On the remaining counts involving failure to cooperate, the committee agreed that respondent failed to respond timely to the disciplinary counsel's letter and therefore violated Rules 8.1(c), 8.4(g), and Rule XIX, § 9(c). It also noted respondent had been admonished on three other occasions for similar violations within the past 18 months.
In 94-ADB-012, 94-ADB-102, and 94-ADB-103, respondent was admonished for failure to cooperate with disciplinary counsel in an investigation. He was also Supreme Court ineligible from June 3, 1993 to March 16, 1994 for non-payment of the disciplinary assessment, and bar dues ineligible for periods in 1993, 1994, 1995, and 1996.
As a sanction, the committee recommended that respondent be suspended from the practice of law for six months, noting it was "struck" by respondent's admitted ignorance of the law regarding curator fees, and his lack of concern regarding disciplinary action.
The board modified the sanction recommended by the hearing committee, noting that it felt respondent would make a good candidate for probation and that respondent was receptive to the idea of probation. Accordingly, it recommended that respondent be suspended from the practice of law for one year, six months to be deferred, followed by a probationary period of two years, subject to certain conditions.
Upon review of the record of the disciplinary board's findings and recommendations, and the record filed herein, we find respondent has violated Rules 3.2, 4.2, 8.1(c) and 8.4(a)(d)(g) of the Rules of Professional Conduct.

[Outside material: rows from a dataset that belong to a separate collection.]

(* Let $\mathbb{F}\in\{\mathbb{R},\mathbb{C}\}$, $A\in\mathbb{F}^{m\times n}$, $b\in\mathbb{F}^m$, $\mu>0$, and let $N\ge1$ be an integer with $\beta_N>0$. Let $x'$ be a stationary point of $\mathcal{K}_{reg}$, set $z'=(I-A^*A)x'+A^*b$, and assume that $$|z'_i|\notin\Big[\beta_N^2\sqrt{\mu},\ \frac{\sqrt{\mu}}{\beta_N^2}\Big]\quad\text{for all }i\in\{1,\dots,n\}$$ (this condition is automatically fulfilled if $\beta_N>1$, the interval then being empty). If $x''\neq x'$ is another stationary point of $\mathcal{K}_{reg}$, then $\mathrm{card}(x''-x')>N$.
   Context: $\mathrm{card}(x)$ is the number of nonzero entries; $\beta_k=\inf\{\|Ax\|_2/\|x\|_2:x\ne0,\ \mathrm{card}(x)\le k\}$. $\mathcal{K}_{reg}(x)=\mathcal{Q}_2(\mu\,\mathrm{card})(x)+\|Ax-b\|_2^2$ with $\mathcal{Q}_2(\mu\,\mathrm{card})(x)=\sum_{j=1}^n\big(\mu-(\max\{\sqrt{\mu}-|x_j|,0\})^2\big)$. $A^*$ is the conjugate transpose, $\langle x,y\rangle=\sum_i x_i\overline{y_i}$. A stationary point of a function $g$ is a point $x$ with $0$ in the Fréchet subdifferential $\hat\partial g(x)$, i.e. the set of $v$ with $\liminf_{y\to x,y\ne x}(g(y)-g(x)-\mathrm{Re}\langle v,y-x\rangle)/\|y-x\|\ge0$. *)

From HB Require Import structures.
From mathcomp Require Import all_boot all_order all_algebra.
From mathcomp Require Import classical_sets reals.
From mathcomp.real_closed Require Import complex.
Set Implicit Arguments. Unset Strict Implicit. Unset Printing Implicit Defensive.
Import Order.TTheory GRing.Theory Num.Theory.
Local Open Scope ring_scope.
Local Open Scope classical_set_scope.

Record scalar_field (R : realType) := ScalarField {
  sc_type :> comNzRingType;
  sc_abs  : sc_type -> R;
  sc_re   : sc_type -> R;
  sc_conj : sc_type -> sc_type }.

Definition realF (R : realType) : scalar_field R :=
  @ScalarField R R (fun x => `|x|) (fun x => x) (fun x => x).

Definition complexF (R : realType) : scalar_field R :=
  @ScalarField R (complex.complex R : comNzRingType)
    (fun z => Num.sqrt (complex.Re z ^+ 2 + complex.Im z ^+ 2))
    (fun z => complex.Re z) (@complex.conjc R).

Section Defs.
Variables (R : realType) (F : scalar_field R).

Definition card_nz (n : nat) (x : 'cV[F]_n) : nat := #|[set i | x i 0 != 0]|.

Definition norm2 (n : nat) (x : 'cV[F]_n) : R :=
  Num.sqrt (\sum_i (sc_abs (x i 0)) ^+ 2).

Definition inner (n : nat) (x y : 'cV[F]_n) : F :=
  \sum_i x i 0 * sc_conj (y i 0).

Definition adjoint (m n : nat) (A : 'M[F]_(m, n)) : 'M[F]_(n, m) :=
  map_mx (@sc_conj R F) A^T.

Definition beta (m n : nat) (A : 'M[F]_(m, n)) (k : nat) : R :=
  inf [set r : R | exists x : 'cV[F]_n,
         [/\ x != 0, (card_nz x <= k)%N & r = norm2 (A *m x) / norm2 x]].

Definition Q2_card (n : nat) (mu : R) (x : 'cV[F]_n) : R :=
  \sum_j (mu - (Num.max (Num.sqrt mu - sc_abs (x j 0)) 0) ^+ 2).

Definition Kreg (m n : nat) (A : 'M[F]_(m, n)) (b : 'cV[F]_m) (mu : R)
  (x : 'cV[F]_n) : R :=
  Q2_card mu x + (norm2 (A *m x - b)) ^+ 2.

(* Frechet subdifferential: v is in \hat\partial g(x) iff
   liminf_{y -> x, y <> x} (g y - g x - Re <v, y - x>) / ||y - x|| >= 0,
   written out with epsilon/delta. *)
Definition frechet_subgrad (n : nat) (g : 'cV[F]_n -> R) (x v : 'cV[F]_n) : Prop :=
  forall eps : R, 0 < eps -> exists2 delta : R, 0 < delta &
    forall y : 'cV[F]_n, y != x -> norm2 (y - x) < delta ->
      - eps <= (g y - g x - sc_re (inner v (y - x))) / norm2 (y - x).

Definition stationary (n : nat) (g : 'cV[F]_n -> R) (x : 'cV[F]_n) : Prop :=
  frechet_subgrad g x 0.

End Defs.

(* Write z = (I - A^*A) x + A^*b.  Stationarity of K_reg decouples into one
   scalar condition per coordinate: z_i = x_i if |x_i| >= sqrt mu, z_i is x_i
   rescaled to modulus sqrt mu if 0 < |x_i| < sqrt mu, and |z_i| <= sqrt mu if
   x_i = 0; this comes from testing the Frechet condition along single
   coordinates, using the concavity of t |-> mu - (sqrt mu - t)_+^2.
   For two stationary points put w = x'' - x' and B = beta_N^2.  Then
   z'' - z' = w - A^*A w, so Re <w, z'' - z'> = |w|^2 - |Aw|^2, which is at most
   (1 - B)|w|^2 if card w <= N.  On the other hand, the scalar conditions and the
   hypothesis |z'_i| < B sqrt mu or |z'_i| > sqrt mu / B give
   Re (w_i conj (z''_i - z'_i)) > (1 - B)|w_i|^2 whenever w_i <> 0, because
   t |-> max(sqrt mu, t) is (1 - B)-strongly monotone at |x'_i|. *)

From HB Require Import structures.
From mathcomp Require Import all_boot all_order all_algebra.
From mathcomp Require Import classical_sets reals.
From mathcomp.real_closed Require Import complex.
From mathcomp Require Import ring lra.
Import Order.TTheory GRing.Theory Num.Theory.
Set Implicit Arguments. Unset Strict Implicit. Unset Printing Implicit Defensive.
Local Open Scope ring_scope.

(* The properties of R and C = R[i] over R used below, so that the argument is
   written once for both choices of [F]. *)
Record rclike (R : realType) (F : scalar_field R) := RCLike {
  emb : {rmorphism R -> F};
  conj_is_zmod_morphism : zmod_morphism (@sc_conj R F);
  conj_is_monoid_morphism : monoid_morphism (@sc_conj R F);
  conjK : involutive (@sc_conj R F);
  conj_emb : forall r, sc_conj (emb r) = emb r;
  re_is_zmod_morphism : zmod_morphism (@sc_re R F);
  re_embM : forall r (x : F), sc_re (emb r * x) = r * sc_re x;
  re_conj : forall x : F, sc_re (sc_conj x) = sc_re x;
  re_le_abs : forall x : F, sc_re x <= sc_abs x;
  re_mul_conj : forall x : F, sc_re (x * sc_conj x) = sc_abs x ^+ 2;
  abs_ge0 : forall x : F, 0 <= sc_abs x;
  abs_eq0 : forall x : F, sc_abs x = 0 -> x = 0;
  absM : forall x y : F, sc_abs (x * y) = sc_abs x * sc_abs y;
  abs_emb : forall r, sc_abs (emb r) = `|r| }.

Lemma rclike_realF (R : realType) : rclike (realF R).
Proof.
apply: (@RCLike R (realF R) idfun) => //=.
- exact: ler_norm.
- by move=> x; rewrite real_normK ?num_real.
- by move=> x /normr0_eq0.
- exact: normrM.
Qed.

Lemma rclike_complexF (R : realType) : rclike (complexF R).
Proof.
apply: (@RCLike R (complexF R) (real_complex R)) => /=.
- exact: conjc_is_additive.
- by split=> [|x y]; rewrite ?rmorph1 ?rmorphM.
- exact: conjcK.
- by move=> r; rewrite /= oppr0.
- by move=> [a b] [c d].
- by move=> r [a b] /=; rewrite mul0r subr0.
- by move=> [a b].
- move=> [a b] /=; apply: le_trans (ler_norm a) _.
  by rewrite -sqrtr_sqr ler_sqrt ?addr_ge0 ?sqr_ge0 // lerDl sqr_ge0.
- move=> [a b] /=; rewrite sqr_sqrtr ?addr_ge0 ?sqr_ge0 //.
  by rewrite mulrN opprK !expr2.
- by move=> x; apply: sqrtr_ge0.
- by move=> [a b] /= h; apply: (@Normc.eq0_normc R).
- by move=> [a b] [c d]; exact: (@Normc.normcM R (a +i* b)%C (c +i* d)%C).
- by move=> r /=; rewrite expr0n /= addr0 sqrtr_sqr.
Qed.

Section RealInequalities.
Variable R : realFieldType.
Implicit Types a s e B K r z ka ks : R.

Lemma max0_sqr_ge_tangent e s s' :
  Num.max (e - s) 0 ^+ 2 - 2 * Num.max (e - s) 0 * (s' - s) <= Num.max (e - s') 0 ^+ 2.
Proof.
have sq := sqr_ge0 (s' - s).
by have [hs|hs] := leP (e - s) 0; have [hs'|hs'] := leP (e - s') 0; nra.
Qed.

Lemma ge0_of_small_slope a K :
  (forall eps, 0 < eps -> exists2 d, 0 < d &
     forall T, 0 < T -> T < d -> - eps * T <= a * T + K * T ^+ 2) ->
  0 <= a.
Proof.
move=> slope; apply/ler_addgt0Pr => eps eps0.
have [d d0 hd] := slope (eps / 2) (divr_gt0 eps0 (ltr0Sn _ 1)).
pose T := Num.min (d / 2) (eps / 2 / (`|K| + 1)).
have K1 : 0 < `|K| + 1 by rewrite ltr_wpDl.
have T0 : 0 < T by rewrite lt_min !divr_gt0.
have Td : T < d by rewrite gt_min; apply/orP; left; lra.
have TK : `|K| * T < eps / 2.
  have : T <= eps / 2 / (`|K| + 1) by rewrite ge_min lexx orbT.
  rewrite ler_pdivlMr // => h; have := normr_ge0 K; nra.
have := hd T T0 Td; rewrite expr2 mulrA -mulrDl ler_pM2r //.
have := ler_norm K; nra.
Qed.

Lemma max_strongly_monotone e B a s : 0 <= e -> 0 <= a -> 0 < B -> a != s ->
  (Num.max e s < B * e \/ e < B * Num.max e s) ->
  (1 - B) * (a - s) ^+ 2 < (a - s) * (Num.max e a - Num.max e s).
Proof.
move=> e0 a0 B0 as_ hs.
have sq : 0 < (a - s) ^+ 2 by rewrite exprn_even_gt0 //= subr_eq0.
have [B1|B1] := ltrP 1 B.
  have mono : 0 <= (a - s) * (Num.max e a - Num.max e s).
    have [ha|ha] := leP a s.
      by rewrite mulr_le0 ?subr_le0 // le_max2.
    by rewrite mulr_ge0 ?subr_ge0 // ?le_max2 // ltW.
  nra.
have Me : e <= Num.max e s by rewrite le_max lexx.
have eB : e < B * Num.max e s by case: hs => hs; nra.
move: eB; case: (leP e s) => [es eB|se eB]; last nra.
rewrite expr2 in sq *; have [ha|ha] := leP e a; first nra.
have : 0 < (s - a) * (B * s - e + (1 - B) * a) by apply: mulr_gt0; nra.
nra.
Qed.

Lemma not_in_scaled_interval e B y : 0 < B ->
  ~ (B * e <= y <= e / B) -> y < B * e \/ e < B * y.
Proof.
move=> B0 out; have [lo|hi] := ltP y (B * e); [by left | right].
by rewrite -ltr_pdivrMl // mulrC ltNge; apply/negP => up; apply: out; rewrite hi.
Qed.

Lemma max_sub_gt_scaled e B a z : 0 < a -> 0 <= z -> z <= e -> 0 < B ->
  (z < B * e \/ e < B * z) -> (1 - B) * a < Num.max e a - z.
Proof.
move=> a0 z0 ze B0 hz.
by have [ha|ha] := leP e a; case: hz => hz; nra.
Qed.

Lemma max_strongly_monotone_cross e B a s r ka ks :
  0 <= e -> 0 < a -> 0 < B -> 1 <= ka -> 1 <= ks ->
  ka * a = Num.max e a -> ks * s = Num.max e s ->
  r <= a * s -> 0 < a ^+ 2 + s ^+ 2 - 2 * r ->
  (Num.max e s < B * e \/ e < B * Num.max e s) ->
  (1 - B) * (a ^+ 2 + s ^+ 2 - 2 * r) < ka * a ^+ 2 + ks * s ^+ 2 - (ka + ks) * r.
Proof.
move=> e0 a0 B0 ka1 ks1 hka hks rs pos hs.
have split_gap : ka * a ^+ 2 + ks * s ^+ 2 - (ka + ks) * r - (1 - B) * (a ^+ 2 + s ^+ 2 - 2 * r)
    = ((a - s) * (Num.max e a - Num.max e s) - (1 - B) * (a - s) ^+ 2)
      + (ka + ks - 2 + 2 * B) * (a * s - r).
  by rewrite -hka -hks; ring.
rewrite -subr_gt0 split_gap.
have cross : 0 <= (ka + ks - 2 + 2 * B) * (a * s - r) by apply: mulr_ge0; lra.
have [as_|as_] := eqVneq a s.
  rewrite -as_ in pos *; rewrite subrr expr0n /= !mul0r mulr0 subrr add0r.
  by apply: mulr_gt0; nra.
have gap := max_strongly_monotone e0 (ltW a0) B0 as_ hs.
by rewrite -subr_gt0 in gap; apply: ltr_wpDr cross gap.
Qed.

End RealInequalities.

Section RCLikeTheory.
Variables (R : realType) (F : scalar_field R) (FA : rclike F).
Local Notation abs := (@sc_abs R F).
Local Notation re := (@sc_re R F).
Local Notation conj := (@sc_conj R F).
Local Notation emb := (emb FA).
Implicit Types x y : F.

HB.instance Definition _ :=
  GRing.isZmodMorphism.Build F F conj (conj_is_zmod_morphism FA).
HB.instance Definition _ :=
  GRing.isMonoidMorphism.Build F F conj (conj_is_monoid_morphism FA).
HB.instance Definition _ :=
  GRing.isZmodMorphism.Build F R re (re_is_zmod_morphism FA).

Lemma re_mulC x y : re (x * conj y) = re (y * conj x).
Proof. by rewrite -(re_conj FA) rmorphM /= (conjK FA) mulrC. Qed.

Lemma abs0 : abs 0 = 0.
Proof. by rewrite -(rmorph0 emb) (abs_emb FA) normr0. Qed.

Lemma absN x : abs (- x) = abs x.
Proof. by rewrite -mulN1r -(rmorphN1 emb) (absM FA) (abs_emb FA) normrN1 mul1r. Qed.

Lemma abs_conj x : abs (conj x) = abs x.
Proof.
apply/eqP; rewrite -(@eqrXn2 _ 2) ?(abs_ge0 FA) //.
by rewrite -!(re_mul_conj FA) (conjK FA) mulrC.
Qed.

Lemma abs_gt0 x : x != 0 -> 0 < abs x.
Proof.
by move=> x0; rewrite lt_def (abs_ge0 FA) andbT; apply: contra x0 => /eqP/(abs_eq0 FA)->.
Qed.

Lemma abs_embM r x : abs (emb r * x) = `|r| * abs x.
Proof. by rewrite (absM FA) (abs_emb FA). Qed.

Lemma re_mul_conj_le x y : re (x * conj y) <= abs x * abs y.
Proof. by rewrite -(abs_conj y) -(absM FA) (re_le_abs FA). Qed.

Lemma abs_sqrD x y : abs (x + y) ^+ 2 = abs x ^+ 2 + 2 * re (y * conj x) + abs y ^+ 2.
Proof.
rewrite -!(re_mul_conj FA) rmorphD mulrDl !mulrDr !raddfD /= (re_mulC x y); ring.
Qed.

Definition q2_entry (mu : R) (v : F) : R := mu - Num.max (Num.sqrt mu - abs v) 0 ^+ 2.

Definition stationary_entry (mu : R) (s z : F) : Prop :=
  s = 0 /\ abs z <= Num.sqrt mu \/
  s != 0 /\ z = emb (Num.max (Num.sqrt mu) (abs s) / abs s) * s.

It is the decision of the court that the disciplinary board's recommendations be adopted.
Accordingly, it is ordered that respondent be suspended for a period of one year, six months deferred, followed by a two year period of probation subject to the following conditions:
1. A probation/practice monitor shall be appointed by Disciplinary Counsel within one (1) month from the date Respondent's suspension is completed to review Respondent's office procedures and practices, with particular emphasis on matters in which Respondent is inexperienced, including fee schedules and collection of such fees regarding those matters;
2. Respondent shall stay current with all MCLE requirements, bar dues and disciplinary assessments; and
3. Should Respondent fail to comply with any of the terms of this probation, Disciplinary Counsel shall move for an immediate revocation of Respondent's probation and institution of the previously deferred six (6) months suspension. Disciplinary Counsel's motion to revoke probation shall be filed directly with the Disciplinary Board for summary consideration by whatever procedure the Board deems appropriate.
It is further ordered that all costs of these disciplinary proceedings are assessed to respondent.